Saved data entries:
---+---

Lemma Pform_ccomps (x : 'I_n -> R) : (0 < r)%N ->
  Pform A x = \sum_(X in ccomps A) Pform (psub A X) (fun k => x (enum_val k)).
Proof.
move=> r_gt0; rewrite /Pform (@sum_unique_cover _ _ _ (ccomps A)
  (fun X t => [forall j, tnth t j \in X])).
  apply: eq_bigr => X _; rewrite sum_tuple_in_set //; apply: eq_bigr => t _.
  by congr (_ * _); apply: eq_bigr => j _; rewrite tnth_mktuple.
move=> t Ft; have At_neq0 : A t != 0 by apply: contraNneq Ft => ->; rewrite mul0r.
exists (ccomp (tnth t (Ordinal r_gt0))); first exact: ccomp_ccomps.
split=> [|Y YA /forallP tY]; first by apply/forallP => j; exact: ccomp_tnth.
exact: ccompsP (tY _).
Qed.

End Components.

Section LambdapComponents.
Variables (R : realType) (r n : nat) (p : R) (A : cmatrix R r n).
Hypotheses (r_gt0 : (0 < r)%N) (r_lt_p : r%:R < p) (A_ge0 : cnonneg A).

Let p_gt0 : 0 < p. Proof. by apply: lt_trans r_lt_p; rewrite ltr0n. Qed.
Let pr_gt0 : 0 < p - r%:R. Proof. by rewrite subr_gt0. Qed.
Let psub_ge0 X : cnonneg (psub A X). Proof. by move=> t; exact: A_ge0. Qed.

Lemma lambdap_le_components :
  lambdap p A <=
  (\sum_(X in ccomps A) lambdap p (psub A X) `^ (p / (p - r%:R))) `^ ((p - r%:R) / p).
Proof.
rewrite lambdapE; have [->|/set0P[x0 x0S]] := eqVneq (psphere p n) set0.
  by rewrite image_set0 sup0 powR_ge0.
apply: ge_sup; first by exists (Pform A x0), x0.
move=> _ [x xS <-]; rewrite Pform_ccomps // -[(p - r%:R) / p]invrK invf_div.
set u := fun X : {set 'I_n} => \sum_(k < #|X|) `|x (enum_val k)| `^ p.
apply: le_trans (holder_sum_powR (a := fun X => lambdap p (psub A X)) (u := u)
  (s := r%:R / p) _ _ _ _ _ _); last first.
- by rewrite -(sum_ccomps A (fun i => `|x i| `^ p)) xS.
- by move=> X; apply: sumr_ge0 => k _; exact: powR_ge0.
- by move=> X; exact: lambdap_ge0.
- by rewrite invf_div; field; rewrite gt_eqF.
- by rewrite divr_gt0 // ltr0n.
- by rewrite divr_gt0.
by apply: ler_sum => X _; exact: Pform_le_lambdap_powR.
Qed.

Lemma lambdap_ge_weighted_components (c : {set 'I_n} -> R) :
  (forall X, 0 <= c X) -> \sum_(X in ccomps A) c X = 1 ->
  \sum_(X in ccomps A) c X `^ (r%:R / p) * lambdap p (psub A X) <= lambdap p A.
Proof.
move=> c_ge0 c_sum1; set C := \sum_(X in ccomps A) c X `^ (r%:R / p).
have C_ge0 : 0 <= C by apply: sumr_ge0 => X _; exact: powR_ge0.
apply/ler_addgt0Pr => eps eps_gt0; set eps' := eps / (C + 1).
have eps'_gt0 : 0 < eps' by rewrite divr_gt0 // ltr_wpDl.
have zX X : exists z : 'I_n -> R, X \in ccomps A ->
    psphere p #|X| (fun k => z (enum_val k)) /\
    lambdap p (psub A X) - eps' < Pform (psub A X) (fun k => z (enum_val k)).
  have [XA|_] := boolP (X \in ccomps A); last by exists (fun=> 0).
  have [i _ Xi] := imsetP XA; rewrite Xi in XA *.
  have [z zX] := lambdap_approx_enum_val p_gt0 (psub A (ccomp A i))
    (ccomp_refl A i) eps'_gt0.
  by exists z.
have [z zXP] := choice zX.
pose x i := c (ccomp A i) `^ p^-1 * z (ccomp A i) i.
have xX X : X \in ccomps A ->
    (fun k : 'I_#|X| => x (enum_val k)) = (fun k => c X `^ p^-1 * z X (enum_val k)).
  by move=> XA; apply/funext => k; rewrite /x ccomp_enum_val.
have xS : psphere p n x.
  rewrite /psphere /= (sum_ccomps A) -c_sum1; apply: eq_bigr => X XA.
  have [zS _] := zXP X XA.
  rewrite (eq_bigr (fun k => `|c X `^ p^-1 * z X (enum_val k)| `^ p)); last first.
    by move=> k _; rewrite /x ccomp_enum_val.
  by rewrite sum_powR_normrZ ?powR_ge0 // zS mulr1 -powRrM mulVf ?gt_eqF // powRr1.
have Pz : \sum_(X in ccomps A) c X `^ (r%:R / p) * lambdap p (psub A X) <=
    Pform A x + eps' * C.
  rewrite Pform_ccomps // mulr_sumr -big_split /=; apply: ler_sum => X XA.
  have [_ zB] := zXP X XA.
  rewrite xX // PformZ -powR_mulrn ?powR_ge0 // -powRrM [p^-1 * _]mulrC.
  rewrite [eps' * _]mulrC -mulrDr ler_wpM2l ?powR_ge0 //.
  by rewrite -lerBlDr ltW.
apply: le_trans Pz _; apply: lerD; first exact: Pform_le_lambdap xS.
by rewrite /eps' mulrAC ler_pdivrMr ?ltr_wpDl // ler_wpM2l ?(ltW eps_gt0) // lerDl.
Qed.

Lemma lambdap_ge_components :
  (\sum_(X in ccomps A) lambdap p (psub A X) `^ (p / (p - r%:R)))
    `^ ((p - r%:R) / p) <= lambdap p A.
Proof.
set q := p / (p - r%:R); set s := r%:R / p; set T := \sum_(X in ccomps A) _.
have T_ge0 : 0 <= T by apply: sumr_ge0 => X _; exact: powR_ge0.
have [->|T_neq0] := eqVneq T 0.
  by rewrite powR0 ?lambdap_ge0 // mulf_neq0 ?invr_eq0 ?gt_eqF.
have T_gt0 : 0 < T by rewrite lt_def T_neq0.
(* The weights of the equality case of Hölder's inequality. *)
pose c X := lambdap p (psub A X) `^ q / T.
have c_term X : c X `^ s * lambdap p (psub A X) = lambdap p (psub A X) `^ q / T `^ s.
  have l_ge0 : 0 <= lambdap p (psub A X) by exact: lambdap_ge0.
  have qs1 : q * s + 1 = q by rewrite /q /s; field; rewrite !gt_eqF.
  rewrite powRM ?powR_ge0 ?invr_ge0 // -powR_inv1 // -!powRrM mulN1r powRN.
  rewrite mulrAC -{2}(powRr1 l_ge0) -powRD; first by congr (_ `^ _ / _).
  by rewrite qs1 gt_eqF ?divr_gt0.
apply: le_trans (lambdap_ge_weighted_components (c := c) _ _); last 2 first.
- by move=> X; rewrite divr_ge0 ?powR_ge0.
- by rewrite -mulr_suml mulfV.
rewrite (eq_bigr _ (fun X _ => c_term X)) -mulr_suml -/T.
rewrite -{2}(powRr1 T_ge0) -powRB ?T_neq0 ?implybT //.
rewrite (_ : 1 - s = (p - r%:R) / p) //.
by rewrite /s; field; rewrite gt_eqF.
Qed.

---+---

▸ **Problem to work on**
Return each line in the records that holds the string "mulrAC".

▸ **Answer space**
by rewrite /eps' mulrAC ler_pdivrMr ?ltr_wpDl // ler_wpM2l ?(ltW eps_gt0) // lerDl.
  rewrite mulrAC -{2}(powRr1 l_ge0) -powRD; first by congr (_ `^ _ / _).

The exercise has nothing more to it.